* What to work on
From the listing below, copy only the lines running from the line that contains "Hypothesis disjA : forall" to the line that contains "case/exists_inP => z'", both included.

* Data supplied
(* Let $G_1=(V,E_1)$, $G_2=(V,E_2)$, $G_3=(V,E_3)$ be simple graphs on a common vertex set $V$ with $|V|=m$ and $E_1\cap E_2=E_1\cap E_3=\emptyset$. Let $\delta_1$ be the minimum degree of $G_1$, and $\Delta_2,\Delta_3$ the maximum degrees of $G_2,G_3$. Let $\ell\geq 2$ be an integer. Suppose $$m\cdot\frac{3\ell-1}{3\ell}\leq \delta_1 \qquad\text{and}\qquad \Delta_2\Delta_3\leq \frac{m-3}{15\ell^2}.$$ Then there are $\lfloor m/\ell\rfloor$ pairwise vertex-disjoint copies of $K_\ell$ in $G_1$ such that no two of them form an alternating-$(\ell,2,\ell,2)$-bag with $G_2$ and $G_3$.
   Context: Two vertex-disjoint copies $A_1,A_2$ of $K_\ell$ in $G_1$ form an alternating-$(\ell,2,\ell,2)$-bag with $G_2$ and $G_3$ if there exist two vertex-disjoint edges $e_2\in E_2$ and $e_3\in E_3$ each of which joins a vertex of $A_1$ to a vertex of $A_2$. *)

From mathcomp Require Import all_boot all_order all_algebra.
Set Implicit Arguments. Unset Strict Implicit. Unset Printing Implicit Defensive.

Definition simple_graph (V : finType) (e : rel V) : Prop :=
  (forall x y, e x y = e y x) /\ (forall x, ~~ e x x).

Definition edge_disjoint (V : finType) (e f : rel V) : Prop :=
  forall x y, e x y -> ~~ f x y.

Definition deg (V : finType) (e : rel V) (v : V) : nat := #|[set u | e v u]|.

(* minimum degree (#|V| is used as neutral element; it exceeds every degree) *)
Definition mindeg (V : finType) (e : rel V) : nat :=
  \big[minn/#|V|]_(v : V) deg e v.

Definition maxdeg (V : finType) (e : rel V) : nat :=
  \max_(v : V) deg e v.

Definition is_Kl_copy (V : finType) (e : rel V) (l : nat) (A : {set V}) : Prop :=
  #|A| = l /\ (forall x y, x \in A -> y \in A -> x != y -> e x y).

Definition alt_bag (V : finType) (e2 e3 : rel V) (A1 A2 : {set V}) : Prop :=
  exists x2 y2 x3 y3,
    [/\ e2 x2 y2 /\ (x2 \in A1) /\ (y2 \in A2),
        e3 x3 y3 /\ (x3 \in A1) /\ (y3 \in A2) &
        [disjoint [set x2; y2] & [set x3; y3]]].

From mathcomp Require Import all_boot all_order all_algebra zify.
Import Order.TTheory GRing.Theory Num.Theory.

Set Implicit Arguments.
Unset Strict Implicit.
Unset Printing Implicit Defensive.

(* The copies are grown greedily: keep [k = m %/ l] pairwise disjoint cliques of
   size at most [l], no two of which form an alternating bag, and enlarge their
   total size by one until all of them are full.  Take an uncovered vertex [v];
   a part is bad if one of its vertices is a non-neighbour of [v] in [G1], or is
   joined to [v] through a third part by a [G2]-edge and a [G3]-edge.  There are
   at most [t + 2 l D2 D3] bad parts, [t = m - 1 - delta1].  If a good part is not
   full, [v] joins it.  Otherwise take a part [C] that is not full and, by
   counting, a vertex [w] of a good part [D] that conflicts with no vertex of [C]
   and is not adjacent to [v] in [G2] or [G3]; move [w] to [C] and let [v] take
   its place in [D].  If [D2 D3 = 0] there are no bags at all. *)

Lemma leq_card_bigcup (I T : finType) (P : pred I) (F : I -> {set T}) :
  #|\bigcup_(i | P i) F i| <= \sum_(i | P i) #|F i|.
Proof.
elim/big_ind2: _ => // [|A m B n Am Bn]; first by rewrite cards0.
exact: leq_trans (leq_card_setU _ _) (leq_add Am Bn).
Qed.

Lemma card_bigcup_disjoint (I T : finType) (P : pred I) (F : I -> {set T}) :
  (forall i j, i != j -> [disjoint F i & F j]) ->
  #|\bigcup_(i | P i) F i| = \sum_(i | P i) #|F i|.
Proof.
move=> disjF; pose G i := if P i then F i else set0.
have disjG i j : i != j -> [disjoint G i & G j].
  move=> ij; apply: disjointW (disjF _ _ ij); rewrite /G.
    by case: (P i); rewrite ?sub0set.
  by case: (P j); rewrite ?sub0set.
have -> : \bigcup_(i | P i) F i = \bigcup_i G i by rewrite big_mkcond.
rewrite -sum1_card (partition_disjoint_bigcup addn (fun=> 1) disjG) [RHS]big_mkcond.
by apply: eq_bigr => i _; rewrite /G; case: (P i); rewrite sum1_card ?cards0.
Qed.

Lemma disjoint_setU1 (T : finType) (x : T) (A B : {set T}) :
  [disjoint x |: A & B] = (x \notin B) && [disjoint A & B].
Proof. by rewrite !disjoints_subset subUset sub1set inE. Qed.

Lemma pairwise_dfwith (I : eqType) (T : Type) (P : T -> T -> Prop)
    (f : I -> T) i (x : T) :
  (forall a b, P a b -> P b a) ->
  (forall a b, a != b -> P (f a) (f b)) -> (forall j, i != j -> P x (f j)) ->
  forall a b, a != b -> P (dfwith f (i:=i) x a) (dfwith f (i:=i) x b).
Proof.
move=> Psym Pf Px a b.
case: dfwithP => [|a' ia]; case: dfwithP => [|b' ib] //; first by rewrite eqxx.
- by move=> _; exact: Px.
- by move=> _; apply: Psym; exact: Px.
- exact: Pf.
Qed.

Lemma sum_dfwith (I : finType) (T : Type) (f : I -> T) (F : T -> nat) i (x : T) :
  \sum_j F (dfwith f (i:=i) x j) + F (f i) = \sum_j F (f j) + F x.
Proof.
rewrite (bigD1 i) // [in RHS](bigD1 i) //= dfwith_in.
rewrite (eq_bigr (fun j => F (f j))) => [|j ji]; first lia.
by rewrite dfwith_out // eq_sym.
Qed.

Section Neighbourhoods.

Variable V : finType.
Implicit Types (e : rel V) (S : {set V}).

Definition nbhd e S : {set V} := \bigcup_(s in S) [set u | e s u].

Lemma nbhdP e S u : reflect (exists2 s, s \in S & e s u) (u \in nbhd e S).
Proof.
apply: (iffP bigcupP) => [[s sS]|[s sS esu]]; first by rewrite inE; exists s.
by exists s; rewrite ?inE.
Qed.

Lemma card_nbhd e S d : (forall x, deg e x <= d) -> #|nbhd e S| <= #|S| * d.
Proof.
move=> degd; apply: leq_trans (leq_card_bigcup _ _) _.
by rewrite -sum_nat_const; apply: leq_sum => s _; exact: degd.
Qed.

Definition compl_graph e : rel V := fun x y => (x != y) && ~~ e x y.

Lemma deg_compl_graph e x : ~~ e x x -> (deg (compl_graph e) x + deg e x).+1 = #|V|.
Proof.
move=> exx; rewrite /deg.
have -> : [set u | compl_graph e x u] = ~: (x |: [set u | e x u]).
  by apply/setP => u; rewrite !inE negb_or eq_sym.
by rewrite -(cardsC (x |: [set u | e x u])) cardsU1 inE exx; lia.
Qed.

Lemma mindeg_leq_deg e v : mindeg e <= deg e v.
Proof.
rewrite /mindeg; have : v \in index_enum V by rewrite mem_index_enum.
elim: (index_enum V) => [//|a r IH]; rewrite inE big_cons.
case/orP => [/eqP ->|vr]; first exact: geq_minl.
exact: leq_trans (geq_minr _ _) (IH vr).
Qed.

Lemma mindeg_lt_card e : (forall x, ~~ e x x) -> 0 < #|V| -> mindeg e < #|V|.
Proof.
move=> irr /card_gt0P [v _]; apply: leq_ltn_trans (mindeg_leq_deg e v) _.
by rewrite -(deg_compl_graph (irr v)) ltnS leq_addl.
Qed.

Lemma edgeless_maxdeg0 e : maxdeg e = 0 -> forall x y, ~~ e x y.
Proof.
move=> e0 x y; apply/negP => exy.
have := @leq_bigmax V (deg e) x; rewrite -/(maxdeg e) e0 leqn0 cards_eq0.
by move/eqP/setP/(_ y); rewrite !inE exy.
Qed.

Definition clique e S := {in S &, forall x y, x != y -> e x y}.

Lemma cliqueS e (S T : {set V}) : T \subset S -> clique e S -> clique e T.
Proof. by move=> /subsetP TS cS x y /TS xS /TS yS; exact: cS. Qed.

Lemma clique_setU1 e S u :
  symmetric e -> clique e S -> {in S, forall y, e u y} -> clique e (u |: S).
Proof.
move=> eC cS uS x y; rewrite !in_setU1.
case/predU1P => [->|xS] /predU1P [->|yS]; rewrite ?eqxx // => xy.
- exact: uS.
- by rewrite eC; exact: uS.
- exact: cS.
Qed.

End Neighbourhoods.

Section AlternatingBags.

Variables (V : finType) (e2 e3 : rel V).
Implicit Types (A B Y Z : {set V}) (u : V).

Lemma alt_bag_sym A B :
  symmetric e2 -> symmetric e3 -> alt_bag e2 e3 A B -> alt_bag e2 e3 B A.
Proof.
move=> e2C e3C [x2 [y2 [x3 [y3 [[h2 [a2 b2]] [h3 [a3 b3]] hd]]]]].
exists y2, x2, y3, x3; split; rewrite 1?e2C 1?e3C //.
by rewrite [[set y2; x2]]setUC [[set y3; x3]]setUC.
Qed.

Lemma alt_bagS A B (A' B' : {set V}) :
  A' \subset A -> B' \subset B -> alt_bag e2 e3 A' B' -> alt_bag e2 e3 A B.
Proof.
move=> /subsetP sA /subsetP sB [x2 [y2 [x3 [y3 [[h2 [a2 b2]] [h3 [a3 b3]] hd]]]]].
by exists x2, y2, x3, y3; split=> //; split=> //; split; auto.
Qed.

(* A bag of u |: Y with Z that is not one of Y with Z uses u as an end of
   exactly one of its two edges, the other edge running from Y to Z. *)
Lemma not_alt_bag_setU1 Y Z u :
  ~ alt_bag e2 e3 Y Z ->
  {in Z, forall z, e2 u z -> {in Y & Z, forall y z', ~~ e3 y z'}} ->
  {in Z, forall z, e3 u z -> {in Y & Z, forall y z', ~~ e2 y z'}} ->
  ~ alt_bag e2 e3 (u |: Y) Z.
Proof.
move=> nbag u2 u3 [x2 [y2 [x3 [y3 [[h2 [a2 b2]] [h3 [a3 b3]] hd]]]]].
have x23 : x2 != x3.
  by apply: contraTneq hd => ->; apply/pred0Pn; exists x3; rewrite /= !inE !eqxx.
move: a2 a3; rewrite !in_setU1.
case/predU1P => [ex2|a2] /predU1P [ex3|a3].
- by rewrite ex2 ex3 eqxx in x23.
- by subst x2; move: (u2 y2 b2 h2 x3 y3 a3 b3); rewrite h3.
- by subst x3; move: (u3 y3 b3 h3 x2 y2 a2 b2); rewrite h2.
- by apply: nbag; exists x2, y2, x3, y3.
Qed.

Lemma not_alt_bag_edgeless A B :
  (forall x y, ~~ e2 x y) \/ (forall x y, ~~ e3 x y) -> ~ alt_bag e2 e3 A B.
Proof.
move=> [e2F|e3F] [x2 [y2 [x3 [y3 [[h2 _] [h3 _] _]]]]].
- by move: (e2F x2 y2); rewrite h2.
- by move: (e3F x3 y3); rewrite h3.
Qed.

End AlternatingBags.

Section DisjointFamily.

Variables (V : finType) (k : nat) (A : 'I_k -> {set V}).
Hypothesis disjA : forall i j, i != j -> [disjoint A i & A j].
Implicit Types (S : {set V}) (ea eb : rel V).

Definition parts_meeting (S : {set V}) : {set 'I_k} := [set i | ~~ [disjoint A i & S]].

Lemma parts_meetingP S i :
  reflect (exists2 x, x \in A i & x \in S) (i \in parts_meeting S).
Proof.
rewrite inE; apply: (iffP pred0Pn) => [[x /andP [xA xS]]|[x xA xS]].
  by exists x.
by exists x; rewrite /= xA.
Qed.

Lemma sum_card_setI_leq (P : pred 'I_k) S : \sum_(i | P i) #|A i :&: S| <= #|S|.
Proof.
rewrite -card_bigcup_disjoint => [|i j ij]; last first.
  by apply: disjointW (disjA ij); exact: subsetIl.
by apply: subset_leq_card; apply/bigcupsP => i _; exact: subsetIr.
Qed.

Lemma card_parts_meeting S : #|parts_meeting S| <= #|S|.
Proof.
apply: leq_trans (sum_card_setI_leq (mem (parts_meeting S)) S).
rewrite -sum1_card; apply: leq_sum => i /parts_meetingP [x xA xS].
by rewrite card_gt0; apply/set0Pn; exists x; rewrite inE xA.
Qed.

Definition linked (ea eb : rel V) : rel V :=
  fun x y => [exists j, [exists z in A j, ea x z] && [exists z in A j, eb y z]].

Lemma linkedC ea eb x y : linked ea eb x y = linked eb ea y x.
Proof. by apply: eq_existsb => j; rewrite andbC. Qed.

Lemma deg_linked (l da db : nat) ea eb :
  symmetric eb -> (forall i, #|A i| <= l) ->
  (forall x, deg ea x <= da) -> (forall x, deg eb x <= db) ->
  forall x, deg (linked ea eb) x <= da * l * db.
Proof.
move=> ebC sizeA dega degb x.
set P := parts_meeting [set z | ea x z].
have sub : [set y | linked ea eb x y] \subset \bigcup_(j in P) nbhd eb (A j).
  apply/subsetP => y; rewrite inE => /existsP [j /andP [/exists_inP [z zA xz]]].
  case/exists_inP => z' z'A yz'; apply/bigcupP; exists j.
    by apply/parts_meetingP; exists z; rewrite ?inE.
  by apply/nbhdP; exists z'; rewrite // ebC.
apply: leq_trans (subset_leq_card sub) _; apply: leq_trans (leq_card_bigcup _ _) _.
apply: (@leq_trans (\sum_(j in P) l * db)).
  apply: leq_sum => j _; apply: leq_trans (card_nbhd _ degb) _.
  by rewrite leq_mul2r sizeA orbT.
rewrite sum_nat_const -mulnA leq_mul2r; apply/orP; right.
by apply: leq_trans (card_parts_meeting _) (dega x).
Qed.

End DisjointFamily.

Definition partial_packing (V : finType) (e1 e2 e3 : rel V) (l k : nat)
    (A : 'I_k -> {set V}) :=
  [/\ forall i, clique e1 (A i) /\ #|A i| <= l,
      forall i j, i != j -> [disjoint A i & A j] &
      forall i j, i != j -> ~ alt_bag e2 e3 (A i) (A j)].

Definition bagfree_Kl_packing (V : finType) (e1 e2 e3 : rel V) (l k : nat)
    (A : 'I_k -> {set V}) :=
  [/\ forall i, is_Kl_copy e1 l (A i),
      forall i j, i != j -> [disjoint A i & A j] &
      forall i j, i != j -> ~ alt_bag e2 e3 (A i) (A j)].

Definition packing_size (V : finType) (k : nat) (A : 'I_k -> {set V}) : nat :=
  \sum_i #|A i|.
--
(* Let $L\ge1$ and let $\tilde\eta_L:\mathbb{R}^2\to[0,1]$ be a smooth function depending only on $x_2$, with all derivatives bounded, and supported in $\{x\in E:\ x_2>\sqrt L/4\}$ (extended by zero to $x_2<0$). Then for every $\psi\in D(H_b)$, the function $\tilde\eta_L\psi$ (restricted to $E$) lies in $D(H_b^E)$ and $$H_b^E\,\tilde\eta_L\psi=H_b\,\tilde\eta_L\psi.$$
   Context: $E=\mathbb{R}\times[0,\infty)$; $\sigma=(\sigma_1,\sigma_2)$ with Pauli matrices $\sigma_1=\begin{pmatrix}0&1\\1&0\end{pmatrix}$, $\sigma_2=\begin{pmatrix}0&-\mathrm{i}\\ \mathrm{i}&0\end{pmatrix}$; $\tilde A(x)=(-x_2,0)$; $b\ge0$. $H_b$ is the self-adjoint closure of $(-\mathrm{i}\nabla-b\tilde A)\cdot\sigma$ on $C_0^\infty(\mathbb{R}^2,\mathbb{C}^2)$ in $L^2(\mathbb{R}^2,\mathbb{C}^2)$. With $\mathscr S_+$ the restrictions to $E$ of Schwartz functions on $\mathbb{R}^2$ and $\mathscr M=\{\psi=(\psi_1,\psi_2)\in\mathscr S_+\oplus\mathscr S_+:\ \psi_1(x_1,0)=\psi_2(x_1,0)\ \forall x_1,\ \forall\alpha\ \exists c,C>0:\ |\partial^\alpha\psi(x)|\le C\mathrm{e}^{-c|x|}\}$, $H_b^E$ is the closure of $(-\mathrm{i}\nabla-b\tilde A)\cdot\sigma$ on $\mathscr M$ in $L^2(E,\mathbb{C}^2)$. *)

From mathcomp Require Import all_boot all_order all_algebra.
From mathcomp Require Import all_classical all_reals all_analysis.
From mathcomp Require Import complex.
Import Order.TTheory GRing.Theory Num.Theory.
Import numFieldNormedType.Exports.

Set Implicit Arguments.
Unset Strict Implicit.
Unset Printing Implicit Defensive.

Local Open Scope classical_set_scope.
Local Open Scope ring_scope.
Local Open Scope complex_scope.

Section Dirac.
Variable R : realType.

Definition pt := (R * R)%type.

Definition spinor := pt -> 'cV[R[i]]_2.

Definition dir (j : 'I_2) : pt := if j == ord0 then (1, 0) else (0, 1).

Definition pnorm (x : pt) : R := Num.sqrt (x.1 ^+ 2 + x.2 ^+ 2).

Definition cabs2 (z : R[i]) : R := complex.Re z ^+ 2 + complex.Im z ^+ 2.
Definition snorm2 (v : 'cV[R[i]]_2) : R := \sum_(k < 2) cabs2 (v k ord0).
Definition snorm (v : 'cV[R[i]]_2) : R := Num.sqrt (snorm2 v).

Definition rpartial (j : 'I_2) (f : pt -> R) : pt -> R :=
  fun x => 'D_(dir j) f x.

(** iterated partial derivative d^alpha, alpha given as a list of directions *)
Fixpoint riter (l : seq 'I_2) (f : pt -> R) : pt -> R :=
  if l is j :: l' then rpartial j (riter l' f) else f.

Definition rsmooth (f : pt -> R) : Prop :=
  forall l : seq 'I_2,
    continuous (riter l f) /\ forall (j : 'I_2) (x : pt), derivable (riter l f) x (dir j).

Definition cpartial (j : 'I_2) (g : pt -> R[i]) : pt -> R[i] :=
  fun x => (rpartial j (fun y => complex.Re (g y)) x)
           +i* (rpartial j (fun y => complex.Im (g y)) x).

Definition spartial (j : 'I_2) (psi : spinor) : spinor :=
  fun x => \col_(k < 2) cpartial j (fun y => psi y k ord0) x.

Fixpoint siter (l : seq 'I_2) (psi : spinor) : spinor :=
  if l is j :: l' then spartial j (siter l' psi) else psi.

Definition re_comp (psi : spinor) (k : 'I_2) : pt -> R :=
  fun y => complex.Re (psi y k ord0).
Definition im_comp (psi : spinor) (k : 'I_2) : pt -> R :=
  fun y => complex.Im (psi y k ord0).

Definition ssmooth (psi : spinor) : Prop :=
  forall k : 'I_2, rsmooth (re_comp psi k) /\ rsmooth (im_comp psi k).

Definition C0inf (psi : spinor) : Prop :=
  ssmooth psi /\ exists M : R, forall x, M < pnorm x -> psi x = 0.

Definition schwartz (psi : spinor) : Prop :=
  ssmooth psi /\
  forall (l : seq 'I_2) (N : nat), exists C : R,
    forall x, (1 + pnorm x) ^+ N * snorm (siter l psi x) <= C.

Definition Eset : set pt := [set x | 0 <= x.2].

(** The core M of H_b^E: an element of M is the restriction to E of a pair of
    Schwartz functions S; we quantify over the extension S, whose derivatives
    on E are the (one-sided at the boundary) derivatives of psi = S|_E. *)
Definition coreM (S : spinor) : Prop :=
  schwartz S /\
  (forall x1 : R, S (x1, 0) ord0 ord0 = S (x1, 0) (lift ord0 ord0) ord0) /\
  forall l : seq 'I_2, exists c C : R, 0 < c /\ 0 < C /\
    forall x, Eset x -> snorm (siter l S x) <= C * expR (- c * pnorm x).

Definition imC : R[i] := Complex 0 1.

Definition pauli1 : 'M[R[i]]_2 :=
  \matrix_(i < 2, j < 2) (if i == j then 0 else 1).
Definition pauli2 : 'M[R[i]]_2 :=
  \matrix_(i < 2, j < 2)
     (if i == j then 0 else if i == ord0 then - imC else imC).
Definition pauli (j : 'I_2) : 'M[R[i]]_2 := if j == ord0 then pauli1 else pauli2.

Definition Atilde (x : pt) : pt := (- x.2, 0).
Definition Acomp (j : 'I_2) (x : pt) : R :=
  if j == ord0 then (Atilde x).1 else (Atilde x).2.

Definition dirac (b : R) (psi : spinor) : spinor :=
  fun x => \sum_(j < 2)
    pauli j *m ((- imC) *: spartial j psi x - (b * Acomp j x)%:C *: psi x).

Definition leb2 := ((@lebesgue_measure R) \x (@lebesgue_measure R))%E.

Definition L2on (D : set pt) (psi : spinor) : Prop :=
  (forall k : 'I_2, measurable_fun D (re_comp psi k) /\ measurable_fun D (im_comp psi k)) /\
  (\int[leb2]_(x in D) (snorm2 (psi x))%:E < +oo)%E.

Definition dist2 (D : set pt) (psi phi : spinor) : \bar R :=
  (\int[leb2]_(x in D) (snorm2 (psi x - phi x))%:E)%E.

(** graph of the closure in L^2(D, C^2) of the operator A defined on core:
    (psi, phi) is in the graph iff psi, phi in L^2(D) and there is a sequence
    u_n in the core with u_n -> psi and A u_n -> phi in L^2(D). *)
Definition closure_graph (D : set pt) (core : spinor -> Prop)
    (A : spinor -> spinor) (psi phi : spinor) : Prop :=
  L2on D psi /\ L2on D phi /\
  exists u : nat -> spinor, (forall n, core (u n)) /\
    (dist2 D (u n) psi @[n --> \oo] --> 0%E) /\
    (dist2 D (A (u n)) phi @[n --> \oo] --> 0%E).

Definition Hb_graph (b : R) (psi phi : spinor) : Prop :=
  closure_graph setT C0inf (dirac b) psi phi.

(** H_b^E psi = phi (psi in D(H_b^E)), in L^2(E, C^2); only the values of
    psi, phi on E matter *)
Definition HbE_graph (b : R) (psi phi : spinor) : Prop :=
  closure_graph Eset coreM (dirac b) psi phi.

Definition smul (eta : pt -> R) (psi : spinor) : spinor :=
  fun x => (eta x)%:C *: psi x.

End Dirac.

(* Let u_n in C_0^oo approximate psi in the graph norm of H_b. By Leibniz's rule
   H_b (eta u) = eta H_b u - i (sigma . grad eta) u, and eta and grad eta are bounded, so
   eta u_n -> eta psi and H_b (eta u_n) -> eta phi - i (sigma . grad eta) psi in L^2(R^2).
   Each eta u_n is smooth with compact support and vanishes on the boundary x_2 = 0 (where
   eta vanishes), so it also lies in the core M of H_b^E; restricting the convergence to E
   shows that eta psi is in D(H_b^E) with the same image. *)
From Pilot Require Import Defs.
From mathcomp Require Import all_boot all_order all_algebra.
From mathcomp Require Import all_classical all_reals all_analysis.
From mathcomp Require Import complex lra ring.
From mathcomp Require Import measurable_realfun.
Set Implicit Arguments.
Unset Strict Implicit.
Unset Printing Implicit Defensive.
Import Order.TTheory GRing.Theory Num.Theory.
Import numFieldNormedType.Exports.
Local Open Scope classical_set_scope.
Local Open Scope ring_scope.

* Written answer
Hypothesis disjA : forall i j, i != j -> [disjoint A i & A j].
Implicit Types (S : {set V}) (ea eb : rel V).

Definition parts_meeting (S : {set V}) : {set 'I_k} := [set i | ~~ [disjoint A i & S]].

Lemma parts_meetingP S i :
  reflect (exists2 x, x \in A i & x \in S) (i \in parts_meeting S).
Proof.
rewrite inE; apply: (iffP pred0Pn) => [[x /andP [xA xS]]|[x xA xS]].
  by exists x.
by exists x; rewrite /= xA.
Qed.

Lemma sum_card_setI_leq (P : pred 'I_k) S : \sum_(i | P i) #|A i :&: S| <= #|S|.
Proof.
rewrite -card_bigcup_disjoint => [|i j ij]; last first.
  by apply: disjointW (disjA ij); exact: subsetIl.
by apply: subset_leq_card; apply/bigcupsP => i _; exact: subsetIr.
Qed.

Lemma card_parts_meeting S : #|parts_meeting S| <= #|S|.
Proof.
apply: leq_trans (sum_card_setI_leq (mem (parts_meeting S)) S).
rewrite -sum1_card; apply: leq_sum => i /parts_meetingP [x xA xS].
by rewrite card_gt0; apply/set0Pn; exists x; rewrite inE xA.
Qed.

Definition linked (ea eb : rel V) : rel V :=
  fun x y => [exists j, [exists z in A j, ea x z] && [exists z in A j, eb y z]].

Lemma linkedC ea eb x y : linked ea eb x y = linked eb ea y x.
Proof. by apply: eq_existsb => j; rewrite andbC. Qed.

Lemma deg_linked (l da db : nat) ea eb :
  symmetric eb -> (forall i, #|A i| <= l) ->
  (forall x, deg ea x <= da) -> (forall x, deg eb x <= db) ->
  forall x, deg (linked ea eb) x <= da * l * db.
Proof.
move=> ebC sizeA dega degb x.
set P := parts_meeting [set z | ea x z].
have sub : [set y | linked ea eb x y] \subset \bigcup_(j in P) nbhd eb (A j).
  apply/subsetP => y; rewrite inE => /existsP [j /andP [/exists_inP [z zA xz]]].
  case/exists_inP => z' z'A yz'; apply/bigcupP; exists j.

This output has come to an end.